Яков уговаривал ее остаться и говорил, что она, с ее опытом и умением находить неожиданные выходы из нештатных ситуаций, может принести Управлению много пользы, — ей было всякий раз не по себе, когда он повторял это. Она была из другого теста, чем он: русская рулетка, с ее выстрелами на «авось»: сойдется-не-сойдется — была ей неинтересна. Она видела, как мужественные и талантливые люди, которых она знала за рубежом, возвращались и терпеливо ждали своей участи: попадет ли в них тот самый выстрел, или окажется холостым, или пронесется мимо, что, учитывая размах трагедии, напоминало массовое самоубийство китов, выбрасывающихся на берег и оставляющих на нем свои туши.
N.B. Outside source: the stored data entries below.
(* The characteristic polynomial of A(xi, eta) is an explicit monic cubic. Its roots are located
   by a Newton-type bound: since p'/p = \sum_j 1 / (z - lambda_j), some root lies within
   3 |p(z)| / |p'(z)| of any point z. At z = - i xi tan(theta) - a the value p(z) is O(eps^2)
   while |p'(z)| grows at least like eps^3 (like K alpha h eps^4 when K > 0), which yields lambda_3;
   when K = 0 along a ray xi / eta = const the limit of lambda_1 is found in the same way, and it
   is not lambda_3 because the two approximate roots drift apart. The other eigenvalues come from
   Vieta's formulas: for K > 0 the product (lambda_1 + K eps^2) (lambda_2 + K eps^2) is O(eps^3),
   so its smaller factor is o(eps^2), and lambda_2 is read off the trace. On xi = 0 the cubic is
   lambda times a quadratic. *)

(** * Cubics and their roots *)

Lemma det_mx3 (R : comNzRingType) (a11 a12 a13 a21 a22 a23 a31 a32 a33 : R) :
  \det (mx3 a11 a12 a13 a21 a22 a23 a31 a32 a33) =
  a11 * (a22 * a33 - a23 * a32) - a12 * (a21 * a33 - a23 * a31)
  + a13 * (a21 * a32 - a22 * a31).
Proof.
rewrite (expand_det_row _ 0) !big_ord_recl big_ord0 /cofactor.
rewrite !(expand_det_row _ 0) !big_ord_recl !big_ord0 /cofactor !det_mx11 !mxE /=.
rewrite !exprS !expr0; ring.
Qed.

Lemma char_poly_mx3 (R : comNzRingType) (a11 a12 a13 a21 a22 a23 a31 a32 a33 : R) :
  char_poly (mx3 a11 a12 a13 a21 a22 a23 a31 a32 a33) =
  'X^3 + (- (a11 + a22 + a33))%:P * 'X^2
  + (a11 * a22 + a11 * a33 - a13 * a31 + a22 * a33 - a23 * a32 - a12 * a21)%:P * 'X
  + (- \det (mx3 a11 a12 a13 a21 a22 a23 a31 a32 a33))%:P.
Proof.
rewrite det_mx3 /char_poly (_ : char_poly_mx _ = mx3 ('X - a11%:P) (- a12%:P) (- a13%:P)
   (- a21%:P) ('X - a22%:P) (- a23%:P) (- a31%:P) (- a32%:P) ('X - a33%:P)).
  by rewrite det_mx3 !(rmorphN, rmorphD, rmorphB, rmorphM); ring.
apply/matrixP => i j; rewrite !mxE.
by case: i => [[|[|[|i]]] Hi] //; case: j => [[|[|[|j]]] Hj] //=;
  rewrite ?mulr1n ?mulr0n ?sub0r.
Qed.

Lemma monic_cubic_inj (F : comNzRingType) (a2 a1 a0 b2 b1 b0 : F) :
  'X^3 + a2%:P * 'X^2 + a1%:P * 'X + a0%:P = 'X^3 + b2%:P * 'X^2 + b1%:P * 'X + b0%:P ->
  [/\ a2 = b2, a1 = b1 & a0 = b0].
Proof.
move=> E; have coef k := congr1 (fun p : {poly F} => p`_k) E.
move: (coef 2%N) (coef 1%N) (coef 0%N).
by rewrite !(coefD, coefCM, coefXn, coefX, coefC) /= !(mulr1, mulr0, add0r, addr0).
Qed.

Section Eigenvalues3.
Variable R : realType.
Implicit Types M : 'M[R[i]]_3.

Lemma eigs3_exists M : exists l1 l2 l3, eigs3 M l1 l2 l3.
Proof.
have [r Hr] := closed_field_poly_normal (char_poly M).
rewrite (monicP (char_poly_monic M)) scale1r in Hr.
have := size_char_poly M; rewrite Hr size_prod_XsubC.
case: r Hr => [|l1 [|l2 [|l3 [|]]]] // Hr _.
by exists l1, l2, l3; rewrite /eigs3 Hr !big_cons big_nil mulr1 mulrA.
Qed.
Так далеко ее коллективизм не распространялся: в ней сидели посеянные в ином месте семена проклинаемого здесь индивидуализма, побуждавшего относиться к собственной и к чужим жизням с большим уважением, чем это было принято в России, и это было даже не влияние католического духа, чуждого и коммунизму, и православию, а нечто более глубокое и древнее — остатки древнего анимизма предков, который живет во всяком сельском жителе и заставляет его почитать не только жизнь человека, но и любой живой твари — даже дерева. Она умела рисковать и могла умереть за идею: она доказала это прежней работой — но пасть от руки своих и неясно зачем было для нее ненужным излишеством.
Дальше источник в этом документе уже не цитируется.